- Nickname: Queen of jroud
- Aaqoura Location in Lebanon
- Coordinates: 34°7′11″N 35°54′12″E﻿ / ﻿34.11972°N 35.90333°E
- Country: Lebanon
- Governorate: Keserwan-Jbeil
- District: Jbeil

Area
- • Total: 140 km^{2} (54 sq mi)
- Elevation: 1,450 m (4,760 ft)

= Aqoura =

Aaqoura (عاقورا او عاقورة, also spelled "Akoura") is a mountainous village in the Byblos District of Keserwan-Jbeil Governorate, Lebanon, 68 kilometers north of Beirut. Aaqoura has an average elevation of 1,600 meters above sea level (between 1000 and 2189 m) and a total land area of around 140 square kilometers and it has 14 villages around its borders.

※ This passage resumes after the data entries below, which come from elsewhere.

(* Let $q$ be a prime power, $r\geq1$, $\delta\geq2$ integers and $R=r+\delta-1$. Let $a_1,\dots,a_\ell\in\mathbb{F}_q^*$ and $h=\prod_{i=1}^{\ell}(T^R-a_i)$. Let $P\in\mathbb{F}_q[T]$ be monic irreducible of degree $m$ with $P\equiv1\pmod h$, let $\alpha\in\mathbb{F}_{q^m}$ be a root of $P$, and let $\bar\phi:\mathbb{F}_q[T]\to\mathbb{F}_{q^m}\{\tau\}$ be the Drinfeld module with $\bar\phi_T=\alpha+\tau$ (the reduction modulo $P$ of the Carlitz module $\phi_T=T+\tau$). Then for every $i\in\{1,\ldots,\ell\}$, $\dim_{\mathbb{F}_q}\bar\phi[T^R-a_i]=R$.
   Context: For a field $K\supseteq\mathbb{F}_q$, $K\{\tau\}$ is the twisted polynomial ring with $(a\tau^i)(b\tau^j)=ab^{q^i}\tau^{i+j}$, and a Drinfeld module $\bar\phi$ is an $\mathbb{F}_q$-algebra homomorphism $\mathbb{F}_q[T]\to K\{\tau\}$ determined by $\bar\phi_T$. For $a\in\mathbb{F}_q[T]$, $\bar\phi_a(x)$ is the $q$-linearized polynomial obtained from $\bar\phi_a$ by replacing $\tau^i$ with $x^{q^i}$, and $\bar\phi[a]=\{\beta\in\overline{\mathbb{F}}_{q}:\bar\phi_a(\beta)=0\}$ is the set of $a$-torsion points, an $\mathbb{F}_q$-vector space. *)

From HB Require Import structures.
From mathcomp Require Import all_boot all_order all_algebra.
Set Implicit Arguments. Unset Strict Implicit. Unset Printing Implicit Defensive.
Import GRing.Theory.
Local Open Scope ring_scope.

Section Drinfeld.
Variables (F : finFieldType) (L : fieldType) (iota : {rmorphism F -> L}).

Definition phiT (alpha : L) (x : L) : L := alpha * x + x ^+ #|F|.

(* phibar_a(x) for a = sum_i c_i T^i in F_q[T]: the F_q-algebra homomorphism
   T |-> alpha + tau, i.e. phibar_a = sum_i c_i (phibar_T)^i (powers in the
   twisted polynomial ring = composition of linearized polynomials), with
   tau^i replaced by x^(q^i). *)
Definition phi_eval (alpha : L) (a : {poly F}) (x : L) : L :=
  \sum_(i < size a) iota a`_i * iter i (phiT alpha) x.

Definition torsion (alpha : L) (a : {poly F}) (beta : L) : Prop :=
  phi_eval alpha a beta = 0.

Definition has_Fq_dim (S : L -> Prop) (n : nat) : Prop :=
  exists b : 'I_n -> L,
    (forall c : 'I_n -> F, \sum_(i < n) iota (c i) * b i = 0 -> forall i, c i = 0)
    /\ (forall beta, S beta <-> exists c : 'I_n -> F, beta = \sum_(i < n) iota (c i) * b i).
End Drinfeld.

(* For a = T^n - c the linearized polynomial phibar_a(X) = phibar_T^n(X) - cX has
   degree q^n and constant derivative alpha^n - c.  Since T^R - x divides P - 1
   and P(alpha) = 0, alpha^R <> x, so it is separable: its q^R roots in the
   algebraically closed field are distinct and form an F_q-subspace, which
   therefore has dimension R. *)

From HB Require Import structures.
From mathcomp Require Import all_boot all_order all_algebra all_field all_solvable.
Import GRing.Theory.
Set Implicit Arguments. Unset Strict Implicit. Unset Printing Implicit Defensive.
Local Open Scope ring_scope.

Section LinearCombinations.
Variables (F : finFieldType) (L : fieldType) (iota : {rmorphism F -> L}).

Definition lincomb k (c : 'I_k -> F) (b : nat -> L) : L :=
  \sum_(i < k) iota (c i) * b i.

Definition free_family k (b : nat -> L) : Prop :=
  forall c : 'I_k -> F, lincomb c b = 0 -> forall i, c i = 0.

Definition span_seq k (b : nat -> L) : seq L :=
  [seq lincomb c b | c : {ffun 'I_k -> F}].

Lemma size_span_seq k b : size (span_seq k b) = (#|F| ^ k)%N.
Proof. by rewrite size_image card_ffun card_ord. Qed.

Lemma span_seqP k b v : v \in span_seq k b <-> exists c : 'I_k -> F, v = lincomb c b.
Proof.
split=> [/imageP [c _ ->] | [c ->]]; first by exists c.
apply/imageP; exists (finfun c) => //.
by apply: eq_bigr => i _; rewrite ffunE.
Qed.

Lemma lincombB k (c d : 'I_k -> F) b :
  lincomb (fun i => c i - d i) b = lincomb c b - lincomb d b.
Proof.
by rewrite /lincomb -sumrB; apply: eq_bigr => i _; rewrite rmorphB mulrBl.
Qed.

Lemma uniq_span_seq k b : free_family k b -> uniq (span_seq k b).
Proof.
move=> free_b; rewrite map_inj_uniq ?enum_uniq // => c d /eqP eq_cd.
apply/ffunP => i; apply/eqP; rewrite -subr_eq0; apply/eqP; move: i.
by apply: free_b; rewrite lincombB; apply/eqP; rewrite subr_eq0.
Qed.

Lemma free_family_extend k b v : free_family k b -> v \notin span_seq k b ->
  free_family k.+1 (fun n => if n == k then v else b n).
Proof.
move=> free_b v_span c.
rewrite /lincomb big_ord_recr /= eqxx.
under eq_bigr => i _ do rewrite /= ltn_eqF //.
rewrite -/(lincomb (fun i => c (widen_ord (leqnSn k) i)) b).
move=> /eqP; rewrite addr_eq0 => /eqP comb_c.
have c_max : c ord_max = 0.
  apply: contraNeq v_span => cmax_neq0; apply/span_seqP.
  exists (fun i => - ((c ord_max)^-1 * c (widen_ord (leqnSn k) i))).
  rewrite /lincomb.
  under eq_bigr => i _ do rewrite rmorphN rmorphM mulNr -mulrA.
  rewrite sumrN -mulr_sumr -/(lincomb _ b) comb_c mulrN opprK mulrA -rmorphM.
  by rewrite mulVf // rmorph1 mul1r.
move: comb_c; rewrite c_max rmorph0 mul0r oppr0 => /free_b c_widen i.
have [i_lt_k | ] := ltnP i k.
  by have := c_widen (Ordinal i_lt_k); congr (c _ = 0); apply: val_inj.
rewrite -ltnS => k_lt_i; suff -> : i = ord_max by [].
by apply: val_inj; apply/eqP; rewrite eqn_leq -ltnS ltn_ord.
Qed.

Section FiniteSubspace.
Variables (S : seq L) (N : nat).
Hypotheses (S_uniq : uniq S) (size_S : size S = (#|F| ^ N)%N).
Hypotheses (S0 : 0 \in S) (SD : forall u v, u \in S -> v \in S -> u + v \in S).
Hypothesis SZ : forall (c : F) v, v \in S -> iota c * v \in S.

Lemma lincomb_mem k (c : 'I_k -> F) b : (forall i, (i < k)%N -> b i \in S) ->
  lincomb c b \in S.
Proof.
move=> bS; apply: (big_ind (fun x => x \in S)) => // i _.
exact/SZ/bS.
Qed.

Lemma free_family_mem k : (k <= N)%N ->
  exists2 b, free_family k b & forall i, (i < k)%N -> b i \in S.
Proof.
elim: k => [_ | k IHk lt_k_N].
  by exists (fun=> 0) => // c _ [].
have [b free_b bS] := IHk (ltnW lt_k_N).
have : ~~ all (mem (span_seq k b)) S.
  apply/negP => /allP S_span; have := uniq_leq_size S_uniq S_span.
  by rewrite size_S size_span_seq leq_exp2l ?finNzRing_gt1 // leqNgt lt_k_N.
case/allPn => v vS v_span; exists (fun n => if n == k then v else b n).
  exact: free_family_extend.
by move=> i; rewrite ltnS leq_eqVlt; case: eqP => //= _; apply: bS.
Qed.

Lemma has_Fq_dim_seq : has_Fq_dim iota (fun v => v \in S) N.
Proof.
have [b free_b bS] := free_family_mem (leqnn N).
have span_sub : {subset span_seq N b <= S}.
  by move=> v /span_seqP [c ->]; apply: lincomb_mem.
have [|_ span_eq] := uniq_min_size (uniq_span_seq free_b) span_sub.
  by rewrite size_S size_span_seq.
exists (fun i : 'I_N => b i); split=> [c /free_b // | v].
by rewrite /= -span_eq; apply: span_seqP.
Qed.

End FiniteSubspace.
End LinearCombinations.

Section Frobenius.
Variables (F : finFieldType) (L : fieldType) (iota : {rmorphism F -> L}).

Lemma card_finField_pchar_pow :
  exists2 p, p \in [pchar L] & exists k, #|F| = (p ^ k.+1)%N.
Proof.
have [p _ chFp] := finPcharP F; exists p; first exact: rmorph_pchar chFp.
have /abelem_pgroup := fin_ring_pchar_abelem chFp.
rewrite pgroupE cardsT => /p_natP [[|k] cardF]; last by exists k.
by have := finNzRing_gt1 F; rewrite cardF.
Qed.

Lemma card_finField_pchar0 : (#|F|%:R : L) = 0.
Proof.
have [p chLp [k ->]] := card_finField_pchar_pow.
by rewrite expnS natrM (pcharf0 chLp) mul0r.
Qed.

Lemma frobenius_cardD (x y : L) : (x + y) ^+ #|F| = x ^+ #|F| + y ^+ #|F|.
Proof.
have [p chLp [k ->]] := card_finField_pchar_pow.
by rewrite exprDn_pchar // (eq_pnat _ (pcharf_eq chLp)) pnatX pnat_id ?(pcharf_prime chLp).
Qed.

Lemma frobenius_cardZ (c : F) (x : L) : (iota c * x) ^+ #|F| = iota c * x ^+ #|F|.
Proof. by rewrite exprMn -rmorphXn expf_card. Qed.

End Frobenius.

Section LinearizedPolynomials.
Variables (F : finFieldType) (L : fieldType) (iota : {rmorphism F -> L}) (alpha : L).
Local Notation phiTn n := (iter n (phiT F alpha)).

Lemma phiTnD n : {morph phiTn n : x y / x + y}.
Proof.
move=> x y; elim: n => //= n ->.
by rewrite /phiT (frobenius_cardD iota) mulrDr addrACA.
Qed.

Lemma phiTnZ n (c : F) x : phiTn n (iota c * x) = iota c * phiTn n x.
Proof. by elim: n => //= n ->; rewrite /phiT frobenius_cardZ mulrDr mulrCA. Qed.

Lemma phi_evalD a : {morph phi_eval iota alpha a : x y / x + y}.
Proof.
move=> x y; rewrite /phi_eval -big_split; apply: eq_bigr => i _.
by rewrite phiTnD mulrDr.
Qed.

Lemma phi_evalZ a (c : F) x :
  phi_eval iota alpha a (iota c * x) = iota c * phi_eval iota alpha a x.
Proof.
rewrite /phi_eval mulr_sumr; apply: eq_bigr => i _.
by rewrite phiTnZ mulrCA.
Qed.

Lemma phi_eval0 a : phi_eval iota alpha a 0 = 0.
Proof. by have := phi_evalZ a 0 0; rewrite rmorph0 !mul0r. Qed.

Lemma phi_eval_XnsubC n (c : F) x : (0 < n)%N ->
  phi_eval iota alpha ('X^n - c%:P) x = phiTn n x - iota c * x.
Proof.
case: n => // n _; rewrite /phi_eval size_XnsubC // big_ord_recr big_ord_recl /=.
rewrite big1 => [|i _]; last first.
  by rewrite coefB coefXn coefC /bump /= add1n eqSS ltn_eqF // subrr rmorph0 mul0r.
rewrite !coefB !coefXn !coefC /= eqxx sub0r subr0 rmorphN rmorph1 mul1r mulNr.
by rewrite addr0 addrC.
Qed.

Definition phiT_poly (p : {poly L}) : {poly L} := alpha *: p + p ^+ #|F|.
Definition phiTn_poly n : {poly L} := iter n phiT_poly 'X.

Lemma horner_phiTn_poly n x : (phiTn_poly n).[x] = phiTn n x.
Proof.
elim: n => [|n IHn] /=; first by rewrite hornerX.
by rewrite hornerD hornerZ horner_exp IHn.
Qed.

Lemma deriv_phiTn_poly n : (phiTn_poly n)^`() = (alpha ^+ n)%:P.
Proof.
elim: n => [|n IHn] /=; first by rewrite derivX.
rewrite derivD derivZ deriv_exp IHn -mulr_natr -polyC_natr (card_finField_pchar0 iota).
by rewrite mulr0 addr0 -mul_polyC -polyCM exprS.
Qed.

Lemma phiTn_poly_monic_size n :
  phiTn_poly n \is monic /\ size (phiTn_poly n) = (#|F| ^ n).+1.
Proof.
have q_gt1 := finNzRing_gt1 F.
elim: n => [|n [IHm IHs]] /=; first by rewrite monicX size_polyX.
have powm : phiTn_poly n ^+ #|F| \is monic by apply: monic_exp.
have pows : size (phiTn_poly n ^+ #|F|) = (#|F| ^ n.+1).+1.
  by rewrite (polySpred (monic_neq0 powm)) size_exp IHs expnSr.
have lt_size : (size (alpha *: phiTn_poly n) < size (phiTn_poly n ^+ #|F|))%N.
  rewrite (leq_ltn_trans (size_scale_leq _ _)) // IHs pows ltnS expnS.
  by rewrite ltn_Pmull // expn_gt0 ltnW.
rewrite monicE lead_coefDr // -monicE; split=> //.
by rewrite /phiT_poly addrC size_polyDl.
Qed.

Definition torsion_poly n (c : F) : {poly L} := phiTn_poly n - iota c *: 'X.

Section PositiveDegree.
Variables (n : nat) (c : F).
Hypothesis n_gt0 : (0 < n)%N.

Lemma horner_torsion_poly x :
  (torsion_poly n c).[x] = phi_eval iota alpha ('X^n - c%:P) x.
Proof.
by rewrite phi_eval_XnsubC // hornerD hornerN hornerZ hornerX horner_phiTn_poly.
Qed.

Lemma torsion_poly_monic_size :
  torsion_poly n c \is monic /\ size (torsion_poly n c) = (#|F| ^ n).+1.
Proof.
have [mon sz] := phiTn_poly_monic_size n.
have lt_size : (size (- (iota c *: 'X)) < size (phiTn_poly n))%N.
  rewrite size_polyN (leq_ltn_trans (size_scale_leq _ _)) // size_polyX sz ltnS.
  by rewrite -[X in (X < _)%N](expn0 #|F|) ltn_exp2l ?finNzRing_gt1.
by rewrite monicE lead_coefDl // -monicE size_polyDl.
Qed.

Lemma separable_torsion_poly :
  alpha ^+ n != iota c -> separable_poly (torsion_poly n c).
Proof.
move=> alpha_n; rewrite unlock /separable_poly derivB derivZ derivX deriv_phiTn_poly.
by rewrite alg_polyC -polyCB -alg_polyC coprimepZr ?coprimep1 ?subr_eq0.
Qed.

End PositiveDegree.
End LinearizedPolynomials.

Lemma root_map_dvdp_subr1 (F L : fieldType) (iota : {rmorphism F -> L})
    (d p : {poly F}) z :
  d %| p - 1 -> root (map_poly iota p) z -> ~~ root (map_poly iota d) z.
Proof.
move=> /dvdpP [k k_d] /rootP p_z; apply/rootP => d_z.
have := congr1 (fun q => (map_poly iota q).[z]) k_d.
rewrite /= rmorphB rmorph1 rmorphM !hornerE p_z d_z mulr0 sub0r => /eqP.
by rewrite oppr_eq0 oner_eq0.
Qed.

Lemma monic_separable_poly_roots (L : closedFieldType) (p : {poly L}) :
  p \is monic -> separable_poly p ->
  exists2 S, uniq S & p = \prod_(z <- S) ('X - z%:P).
Proof.
move=> /monicP lead_p sep_p; have [S def_p] := closed_field_poly_normal p.
rewrite lead_p scale1r in def_p; exists S => //.
by rewrite -separable_prod_XsubC -def_p.
Qed.

Lemma has_Fq_dim_torsion_XnsubC (F : finFieldType) (L : closedFieldType)
    (iota : {rmorphism F -> L}) (alpha : L) n (c : F) :
  (0 < n)%N -> alpha ^+ n != iota c ->
  has_Fq_dim iota (torsion iota alpha ('X^n - c%:P)) n.
Proof.
move=> n_gt0 alpha_n.
have [mon sz] := torsion_poly_monic_size iota alpha c n_gt0.
have [S S_uniq def_p] :=
  monic_separable_poly_roots mon (separable_torsion_poly alpha_n).
have memS x : (x \in S) = (phi_eval iota alpha ('X^n - c%:P) x == 0).
  by rewrite -root_prod_XsubC -def_p rootE horner_torsion_poly.
have [||||b [free_b span_b]] := @has_Fq_dim_seq F L iota S n S_uniq.
- by apply: succn_inj; rewrite -sz def_p size_prod_XsubC.
- by rewrite memS phi_eval0.
- by move=> u v; rewrite !memS phi_evalD => /eqP-> /eqP->; rewrite addr0.
- by move=> a v; rewrite !memS phi_evalZ => /eqP->; rewrite mulr0.
exists b; split=> // x; apply: iff_trans (span_b x).
by rewrite memS; split=> /eqP.
Qed.

Theorem lemma3p2 (F : finFieldType) (L : closedFieldType)
  (iota : {rmorphism F -> L}) (r delta : nat) (a : seq F)
  (P : {poly F}) (alpha : L) :
  (1 <= r)%N -> (2 <= delta)%N ->
  let R := (r + delta - 1)%N in
  (forall x, x \in a -> x != 0) ->
  let h := \prod_(x <- a) ('X^R - x%:P) in
  P \is monic -> irreducible_poly P ->
  h %| (P - 1) ->
  root (map_poly iota P) alpha ->
  forall x, x \in a ->
    has_Fq_dim iota (torsion iota alpha ('X^R - x%:P)) R.
Proof.
move=> r_gt0 delta_ge2 R _ h _ _ h_dvd P_alpha x xa.
have R_gt0 : (0 < R)%N by rewrite subn_gt0 (leq_trans delta_ge2) ?leq_addl.
apply: has_Fq_dim_torsion_XnsubC => //.
have factor_dvd : 'X^R - x%:P %| P - 1.
  by apply: dvdp_trans h_dvd; rewrite /h (big_rem x xa) dvdp_mulr.
have := root_map_dvdp_subr1 factor_dvd P_alpha.
by rewrite rmorphB /= map_polyXn map_polyC rootE !hornerE subr_eq0.
Qed.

It is the largest town by land size in Mount Lebanon and the second largest in Lebanon.
By voting power, it is the third largest town in the Jbeil District after the city of Jbeil Byblos and Qartaba.

==Demographics==

===Religion===

As of 2022, the religious make-up of the town's 4,152 registered voters were roughly 92.3% Maronite Catholics, 3.1% Greek Orthodox, 2.4% Greek Catholic, 0.8% Christian Minorities, and 1.4% others.